ISO 27001 certification cost ranges for 2024

How does all the above net out?  Here is a 2024 breakdown of ISO 27001 certification costs based on these representative starting points:

  • Company A is a 100-employee logistics company that only needs ISO 27001 at a single location.
  • Company B is a 600-employee SaaS provider that needs ISO 27001 and ISO 27701 at a single location.
  • Company C is a 7,000-employee manufacturing firm that needs ISO 27001 at 12 locations and wants to use the engagement to prepare for eventual CMMC and TISAX certifications.


  Company A Company B Company C
Precertification Phase 1: (e.g., Scope Definition, Risk Assessment, Risk Treatment Plan, Gap Assessment, Phase II Remediation Plan) ~$30 – 40K ~$45 – 60K ~$50 – 70K
Precertification Phase II: (e.g., Gap closure (collaboratively), registrar selection, ISMS Artifact development, Risk Management Committee, Incident Response, Internal ISMS Audit, Onsite Certification Audit Support) ~$20 – 50K ~$30 – 65K ~$45K – 100K
Certification Audit by Registrar (Year 1) $20 – 30K ~$35 – 55K ~$30K – 50K
Total: $70 – 120K $110 – 180K $125K – 220K
Surveillance Audit (Year 2 & Year 3) $10 – 15K $17- 30K $15K – 30K


Comparing 2024 versus 2012 costs

Given the changes over the last 12 years outlined above, comparing ISO 27001 certification costs is virtually impossible. (To view the 2012 cost estimate data, click here.)

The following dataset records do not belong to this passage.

(* Fix $0<B<1$ and $H>0$, let $x(s),z(s)$ be as follows: $$x(s)=\frac1H\sqrt{1+B^2+2B\sin\!\big(Hs+\tfrac{3\pi}{2}\big)},\qquad z(s)=\int_{3\pi/(2H)}^{\,s+3\pi/(2H)}\frac{1+B\sin(Ht)}{\sqrt{1+B^2+2B\sin(Ht)}}\,dt ,$$ let $s_0=\frac1H\arccos B$ be the smallest positive zero of $x''$, let $g(s)=x(s)-\frac{x'(s)}{z'(s)}z(s)$, and set $z_0=\frac{1-B^2}{HB}$. Then: (i) if $z(s_0)<z_0$, then $g(s)>0$ for all $s\in(0,s_0)$; (ii) if $z(s_0)\ge z_0$, then there is $\bar s\in(0,s_0]$ with $g(\bar s)=g(-\bar s)=0$; with $R_0^2=x(\bar s)^2+z(\bar s)^2$, the surface $\Sigma$ obtained by rotating $\beta|_{[-\bar s,\bar s]}$, $\beta=(x,0,z)$, about the $z$-axis is a free boundary CMC annulus in the ball $\mathbb B^3_{R_0}$ of radius $R_0$ centered at the origin, and it satisfies, at every point, $$|\Phi|^2\langle\vec x,N\rangle^2\le\tfrac12\big(2+H\langle\vec x,N\rangle\big)^2,$$ with $N=(-z'\cos\theta,-z'\sin\theta,x')$ at the point $(x(s)\cos\theta,x(s)\sin\theta,z(s))$.
   Context: Free boundary in a ball $\mathbb B^3_{R}$: interior in the open ball, boundary on the sphere of radius $R$, meeting it orthogonally. Conventions: shape operator $A$ w.r.t. $N$ defined by $\langle A(Y),Z\rangle=\langle\bar\nabla_YZ,N\rangle$; mean curvature $H=\operatorname{tr}A$ (unnormalized; for this unduloid it equals the constant $H$); $\Phi=\Pi-\frac H2g_\Sigma$, $|\Phi|^2=|A|^2-H^2/2$; $\vec x$ the position vector. *)

From Stdlib Require Import Reals Lra ClassicalEpsilon.
Open Scope R_scope.

(** Total versions of the derivative and of the Riemann integral, chosen by
    Hilbert's epsilon.  When [f] is differentiable at [s] (resp. Riemann
    integrable on [a,b]) these are the usual derivative (resp. integral, with
    orientation: [RInt f b a = - RInt f a b]). *)
Definition deriv (f : R -> R) (s : R) : R :=
  epsilon (inhabits 0) (fun l => derivable_pt_lim f s l).

Definition RInt (f : R -> R) (a b : R) : R :=
  epsilon (inhabits 0)
    (fun I => forall pr : Riemann_integrable f a b, RiemannInt pr = I).

Definition xu (B H s : R) : R :=
  / H * sqrt (1 + B ^ 2 + 2 * B * sin (H * s + 3 * PI / 2)).

Definition zu_integrand (B H t : R) : R :=
  (1 + B * sin (H * t)) / sqrt (1 + B ^ 2 + 2 * B * sin (H * t)).

Definition zu (B H s : R) : R :=
  RInt (zu_integrand B H) (3 * PI / (2 * H)) (s + 3 * PI / (2 * H)).

Definition s0 (B H : R) : R := / H * acos B.

Definition gu (B H s : R) : R :=
  xu B H s - deriv (xu B H) s / deriv (zu B H) s * zu B H s.

Definition z0 (B H : R) : R := (1 - B ^ 2) / (H * B).

Definition V3 : Type := (R * R * R)%type.
Definition mk3 (a b c : R) : V3 := (a, b, c).
Definition c1 (v : V3) : R := fst (fst v).
Definition c2 (v : V3) : R := snd (fst v).
Definition c3 (v : V3) : R := snd v.
Definition dot (u v : V3) : R := c1 u * c1 v + c2 u * c2 v + c3 u * c3 v.

Definition d_s (X : R -> R -> V3) (s th : R) : V3 :=
  mk3 (deriv (fun u => c1 (X u th)) s)
      (deriv (fun u => c2 (X u th)) s)
      (deriv (fun u => c3 (X u th)) s).
Definition d_th (X : R -> R -> V3) (s th : R) : V3 :=
  mk3 (deriv (fun u => c1 (X s u)) th)
      (deriv (fun u => c2 (X s u)) th)
      (deriv (fun u => c3 (X s u)) th).

Definition fE X s th := dot (d_s X s th) (d_s X s th).
Definition fF X s th := dot (d_s X s th) (d_th X s th).
Definition fG X s th := dot (d_th X s th) (d_th X s th).
(* Let $\mathsf{Pk}$ be the finite set of packets and let $p$ be any ProbNetKAT program. Then for all $a,b \subseteq \mathsf{Pk}$, the limits defining the matrix semantics exist and \[ \mathcal{B}[\![p]\!]_{ab} = [\![p]\!](a)(\{b\}). \]
   Context: Fix finitely many fields $f_1,\dots,f_k$, each ranging over a finite set of natural numbers. A packet $\pi$ is a record assigning a value to each field; $\pi.f$ is the value of field $f$ and $\pi[f:=n]$ is $\pi$ with field $f$ updated to $n$. $\mathsf{Pk}$ is the finite set of all packets and $2^{\mathsf{Pk}}$ its powerset. Syntax. Predicates: $t ::= \mathsf{false} \mid \mathsf{true} \mid f=n \mid t \,\&\, u \mid t ; u \mid \neg t$ (disjunction, conjunction, negation). Programs: $p ::= t \mid f \leftarrow n \mid p \,\&\, q \mid p ; q \mid p \oplus_r q \mid p^*$ (filter, assignment, union/parallel composition, sequential composition, probabilistic choice with rational $r\in[0,1]$, iteration). Define $p^{(0)} := \mathsf{true}$ and $p^{(n+1)} := \mathsf{true} \,\&\, (p ; p^{(n)})$. Matrix semantics: $\mathcal{B}[\![p]\!] \in [0,1]^{2^{\mathsf{Pk}}\times 2^{\mathsf{Pk}}}$, with $[\varphi]\in\{0,1\}$ the Iverson bracket: $\mathcal{B}[\![\mathsf{false}]\!]_{ab}=[b=\emptyset]$; $\mathcal{B}[\![\mathsf{true}]\!]_{ab}=[a=b]$; $\mathcal{B}[\![f=n]\!]_{ab}=[b=\{\pi\in a : \pi.f=n\}]$; $\mathcal{B}[\![\neg t]\!]_{ab}=[b\subseteq a]\cdot \mathcal{B}[\![t]\!]_{a,a-b}$; $\mathcal{B}[\![f\leftarrow n]\!]_{ab}=[b=\{\pi[f:=n] : \pi\in a\}]$; $\mathcal{B}[\![p \,\&\, q]\!]_{ab}=\sum_{c,d}[c\cup d=b]\,\mathcal{B}[\![p]\!]_{ac}\,\mathcal{B}[\![q]\!]_{ad}$; $\mathcal{B}[\![p;q]\!]=\mathcal{B}[\![p]\!]\cdot\mathcal{B}[\![q]\!]$ (matrix product); $\mathcal{B}[\![p\oplus_r q]\!]=r\,\mathcal{B}[\![p]\!]+(1-r)\,\mathcal{B}[\![q]\!]$; $\mathcal{B}[\![p^*]\!]_{ab}=\lim_{n\to\infty}\mathcal{B}[\![p^{(n)}]\!]_{ab}$. Conjunction $t;u$ and disjunction $t\,\&\,u$ of predicates are interpreted as the corresponding program constructs. Denotational semantics: for a finite set $X$, $\mathcal{D}(X)$ is the set of probability distributions on $X$; $\delta_x$ is the Dirac distribution at $x$; for $g:X\to Y$, $\mathcal{D}(g)(\mu)=\mu\circ g^{-1}$ (pushforward); for $g:X\to\mathcal{D}(Y)$, $g^\dagger(\mu)(A)=\sum_{x\in X} g(x)(A)\,\mu(x)$; $\mu\times\nu$ is the product distribution. Order distributions on $2^{\mathsf{Pk}}$ by $\mu\sqsubseteq\nu$ iff $\mu(\{b : a\subseteq b\})\le\nu(\{b: a\subseteq b\})$ for all $a\subseteq\mathsf{Pk}$. Then $[\![p]\!]:2^{\mathsf{Pk}}\to\mathcal{D}(2^{\mathsf{Pk}})$ is: $[\![\mathsf{false}]\!](a)=\delta_\emptyset$; $[\![\mathsf{true}]\!](a)=\delta_a$; $[\![f=n]\!](a)=\delta_{\{\pi\in a:\pi.f=n\}}$; $[\![f\leftarrow n]\!](a)=\delta_{\{\pi[f:=n]:\pi\in a\}}$; $[\![\neg t]\!](a)=\mathcal{D}(\lambda b.\,a-b)([\![t]\!](a))$; $[\![p\,\&\,q]\!](a)=\mathcal{D}(\cup)([\![p]\!](a)\times[\![q]\!](a))$; $[\![p;q]\!](a)=[\![q]\!]^\dagger([\![p]\!](a))$; $[\![p\oplus_r q]\!](a)=r[\![p]\!](a)+(1-r)[\![q]\!](a)$; $[\![p^*]\!](a)=\bigsqcup_{n\in\mathbb{N}}[\![p^{(n)}]\!](a)$, the supremum of the $\sqsubseteq$-increasing chain. *)

From HB Require Import structures.
From mathcomp Require Import all_boot all_order all_algebra.
From mathcomp Require Import all_classical all_reals all_analysis.
Set Implicit Arguments. Unset Strict Implicit. Unset Printing Implicit Defensive.
Import Order.TTheory GRing.Theory Num.Theory numFieldNormedType.Exports.
Local Open Scope ring_scope.

Section ProbNetKAT.
(* k fields; field i ranges over the finite set {0,...,sz i - 1} of naturals *)
Variables (k : nat) (sz : 'I_k -> nat).

Definition packet := {dffun forall i : 'I_k, 'I_(sz i)}.

Definition pk_get (pi : packet) (f : 'I_k) : 'I_(sz f) := pi f.
Definition pk_set (pi : packet) (f : 'I_k) (n : 'I_(sz f)) : packet :=
  @finfun _ (fun i : 'I_k => 'I_(sz i))
    (@dfwith _ (fun i : 'I_k => 'I_(sz i)) (fun j => pi j) f n).

Definition pkset := {set packet}.

Inductive pred :=
| PFalse : pred
| PTrue : pred
| PTest (f : 'I_k) (n : 'I_(sz f)) : pred
| POr : pred -> pred -> pred
| PAnd : pred -> pred -> pred
| PNeg : pred -> pred.

Inductive prog :=
| Filter : pred -> prog
| Assign (f : 'I_k) (n : 'I_(sz f)) : prog
| Union : prog -> prog -> prog
| Seq : prog -> prog -> prog
| Choice (r : rat) : (0 <= r <= 1)%R -> prog -> prog -> prog
| Star : prog -> prog.
Lemma integral_gauss_law_sqr {R : realType} d (T : measurableType d) (P : probability T R)
    (Z : T -> R) (m v k : R) :
  measurable_fun setT Z -> (0 <= v)%R ->
  (forall A, measurable A -> P (Z @^-1` A) = gauss_law m v A) ->
  (\int[P]_t ((Z t + k) ^+ 2)%:E = ((m + k) ^+ 2 + v * std_normal_moment2)%:E)%E.
Proof.
move=> mZ v_ge0 lawZ.
(* [normal_prob] lives on the Lebesgue measurable type of [R] *)
pose Z' : T -> measurableTypeR R := Z.
have mZ' : measurable_fun setT Z' := mZ.
have mf : measurable_fun setT (fun x : measurableTypeR R => ((x + k) ^+ 2)%:E).
  by apply/measurable_EFinP; apply: measurable_funX; exact: measurable_funD.
transitivity (\int[pushforward P Z']_x ((x + k) ^+ 2)%:E)%E.
  by rewrite ge0_integral_pushforward// => x _; rewrite lee_fin sqr_ge0.
move: lawZ; rewrite /gauss_law; case: ifPn => [v_le0 | /negbTE v_nle0] lawZ.
- rewrite (eq_measure_integral (@dirac _ (measurableTypeR R) m R)); last first.
    by move=> A mA _; exact: lawZ.
  have -> : v = 0%R by apply/eqP; rewrite eq_le v_le0.
  by rewrite integral_dirac// diracE mem_set// mul1e mul0r addr0.
- rewrite (eq_measure_integral (normal_prob m (Num.sqrt v))); last first.
    by move=> A mA _; exact: lawZ.
  by rewrite integral_normal_prob_sqr ?sqr_sqrtr// sqrtr_gt0 ltNge v_nle0.
Qed.

Section gaussian_vector.
Context {R : realType}.

Definition gauss_var d (SX : 'M[R]_d) (SXY : 'rV[R]_d) (SY : R) (a : 'rV[R]_d) (c : R) : R :=
  (a *m SX *m a^T) 0 0 + 2 * c * dotv a SXY + c ^+ 2 * SY.
(* On $\mathrm{Mon}_+$ consider the relation $\varphi_0\sim\varphi_1$ iff there exist $v\in L^2([0,1],H^1_0([0,1]))$ and a Lagrangian flow $\varphi$ associated with $v$ such that $\varphi(0,x)=\varphi_0(x)$ and $\varphi(1,x)=\varphi_1(x)$ for all $x\in[0,1]$. This relation is symmetric and transitive, and in fact $\varphi_0\sim\varphi_1$ holds for every pair $\varphi_0,\varphi_1\in\mathrm{Mon}_+$.
   Context: $\mathrm{Mon}_+$ denotes the set of nondecreasing functions $f:[0,1]\to[0,1]$ with $f(0)=0$ and $f(1)=1$. Definition (Lagrangian flow): let $v\in L^1([0,1],C([0,1]))$. A map $\varphi:[0,1]\times[0,1]\to[0,1]$, $(t,x)\mapsto\varphi(t,x)$, is a Lagrangian flow associated with $v$ if (i) $x\mapsto\varphi(t,x)$ is nondecreasing for every $t$, and (ii) for every $x$ the map $t\mapsto\varphi(t,x)$ is absolutely continuous and $\varphi(t,x)-\varphi(s,x)=\int_s^t v(r,\varphi(r,x))\,dr$ for all $0\le s<t\le 1$. *)

(* Lebesgue integration on compact intervals
   is introduced via the Henstock–Kurzweil (gauge) integral: a function is
   Lebesgue integrable on [a,b] iff it and its absolute value are
   HK-integrable, and then both integrals coincide. *)
From Stdlib Require Import Reals List.
Open Scope R_scope.

(* A tagged division of [a,b], as a list of (left end, right end, tag),
   which is fine with respect to the gauge delta. *)
Fixpoint fine_div (delta : R -> R) (a b : R) (l : list (R * R * R)) : Prop :=
  match l with
  | nil => a = b
  | (u, w, c) :: l' =>
      u = a /\ u < w /\ u <= c /\ c <= w /\
      c - u < delta c /\ w - c < delta c /\ fine_div delta w b l'
  end.

Fixpoint rsum (f : R -> R) (l : list (R * R * R)) : R :=
  match l with
  | nil => 0
  | (u, w, c) :: l' => f c * (w - u) + rsum f l'
  end.

Definition HK_int (f : R -> R) (a b I : R) : Prop :=
  a <= b /\
  forall eps, 0 < eps ->
    exists delta : R -> R, (forall x, 0 < delta x) /\
      forall l, fine_div delta a b l -> Rabs (rsum f l - I) < eps.

Definition L_int (f : R -> R) (a b I : R) : Prop :=
  HK_int f a b I /\ exists J, HK_int (fun x => Rabs (f x)) a b J.

Definition L_integrable (f : R -> R) (a b : R) : Prop :=
  exists I, L_int f a b I.

Definition L_measurable (f : R -> R) (a b : R) : Prop :=
  forall M, 0 < M -> L_integrable (fun x => Rmax (- M) (Rmin M (f x))) a b.

Definition L2 (f : R -> R) (a b : R) : Prop :=
  L_measurable f a b /\ L_integrable (fun x => (f x) ^ 2) a b.

(* v in L^2([0,1], H^1_0([0,1])), v t x = v(t)(x) (a representative with
   v(t) in H^1_0 for every t). g t is the weak derivative of v t. *)
Definition L2_H10 (v : R -> R -> R) : Prop :=
  exists g : R -> R -> R,
    (forall t, 0 <= t <= 1 ->
       L2 (g t) 0 1 /\
       (forall x, 0 <= x <= 1 -> L_int (g t) 0 x (v t x)) /\
       v t 1 = 0) /\
    (forall x, 0 <= x <= 1 -> L_measurable (fun t => v t x) 0 1) /\
    exists n : R -> R,
      (forall t, 0 <= t <= 1 -> L_int (fun y => (g t y) ^ 2) 0 1 (n t)) /\
      L_integrable n 0 1.

Fixpoint ordered_intervals (l : list (R * R)) : Prop :=
  match l with
  | nil => True
  | p :: l' =>
      fst p <= snd p /\
      (match l' with nil => True | q :: _ => snd p <= fst q end) /\
      ordered_intervals l'
  end.

Definition abs_cont (f : R -> R) (a b : R) : Prop :=
  forall eps, 0 < eps -> exists delta, 0 < delta /\
    forall l : list (R * R),
      Forall (fun p => a <= fst p /\ snd p <= b) l ->
      ordered_intervals l ->
      fold_right (fun p s => (snd p - fst p) + s) 0 l < delta ->
      fold_right (fun p s => Rabs (f (snd p) - f (fst p)) + s) 0 l < eps.

Definition Mon_plus (f : R -> R) : Prop :=
  (forall x y, 0 <= x -> x <= y -> y <= 1 -> f x <= f y) /\
  (forall x, 0 <= x <= 1 -> 0 <= f x <= 1) /\
  f 0 = 0 /\ f 1 = 1.

Definition lagrangian_flow (v : R -> R -> R) (phi : R -> R -> R) : Prop :=
  (forall t x, 0 <= t <= 1 -> 0 <= x <= 1 -> 0 <= phi t x <= 1) /\
  (forall t x y, 0 <= t <= 1 -> 0 <= x -> x <= y -> y <= 1 ->
     phi t x <= phi t y) /\
  (forall x, 0 <= x <= 1 ->
     abs_cont (fun t => phi t x) 0 1 /\
     forall s t, 0 <= s -> s < t -> t <= 1 ->
       L_int (fun r => v r (phi r x)) s t (phi t x - phi s x)).

Definition flow_rel (phi0 phi1 : R -> R) : Prop :=
  exists v, L2_H10 v /\
    exists phi, lagrangian_flow v phi /\
      forall x, 0 <= x <= 1 -> phi 0 x = phi0 x /\ phi 1 x = phi1 x.

(* The relation is total, which makes symmetry and transitivity immediate.
   Given phi0, phi1 in Mon_+, the map
     phi(t, x) = 1/2 + (phi_i(x) - 1/2) (1 - (1 - (1 - 2 t)^2)^2),
   with i = 0 for t <= 1/2 and i = 1 afterwards, contracts [0, 1] onto 1/2 at
   t = 1/2 and then expands it onto phi1.  It is the Lagrangian flow of a
   velocity field that is piecewise affine in x and whose H^1 energy stays
   bounded although the band swept by the trajectories collapses at t = 1/2.
   All integrals are gauge integrals, evaluated through the straddle lemma
   from a primitive that is Lipschitz and differentiable off finitely many
   points. *)

From Stdlib Require Import Reals Lra List Classical ClassicalEpsilon FunctionalExtensionality.
From Coquelicot Require Import Coquelicot.
Open Scope R_scope.

(** * Gauge integrals *)

Lemma fine_div_le delta a b l : fine_div delta a b l -> a <= b.
Proof.
  revert a; induction l as [|[[u w] c] l IH]; simpl; intros a H.
  - lra.
  - destruct H as (-> & Huw & _ & _ & _ & _ & Hl); specialize (IH _ Hl); lra.
Qed.

(* Length of (p - delta p, p + delta p) intersected with (a, +oo).  A
   subinterval [u, w] of a fine division tagged by p consumes w - u of this
   budget as a moves from u to w, so the subintervals tagged by points of P
   have total length at most 2 |P| max_P delta. *)
Definition ball_tail (delta : R -> R) (p a : R) : R :=
  Rmax 0 (p + delta p - Rmax a (p - delta p)).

Looking at Customer A, for instance, the cost of ISO 27001 certification has increased by roughly 75%. Given that human resource costs are up 50%-plus, the price of the insurance and technology necessary to deliver the services is up 35%-plus, technical complexity is more significant, timelines are shorter, and regulatory/contractual obligations are higher, that number (unfortunately) makes sense.

A word of caution: Your costs may vary notably.  Chat with us and others before developing a budget. Roughly 75% of our projects fall in the above ranges. Some fall under the range, often because the security program is already mature, the company has an internal audit team, or they can do more remediation in-house. Some end up over the range, usually because the number of locations being certified is high, compliance/certification with multiple standards is required, or significant changes to the cybersecurity and privacy programs are needed.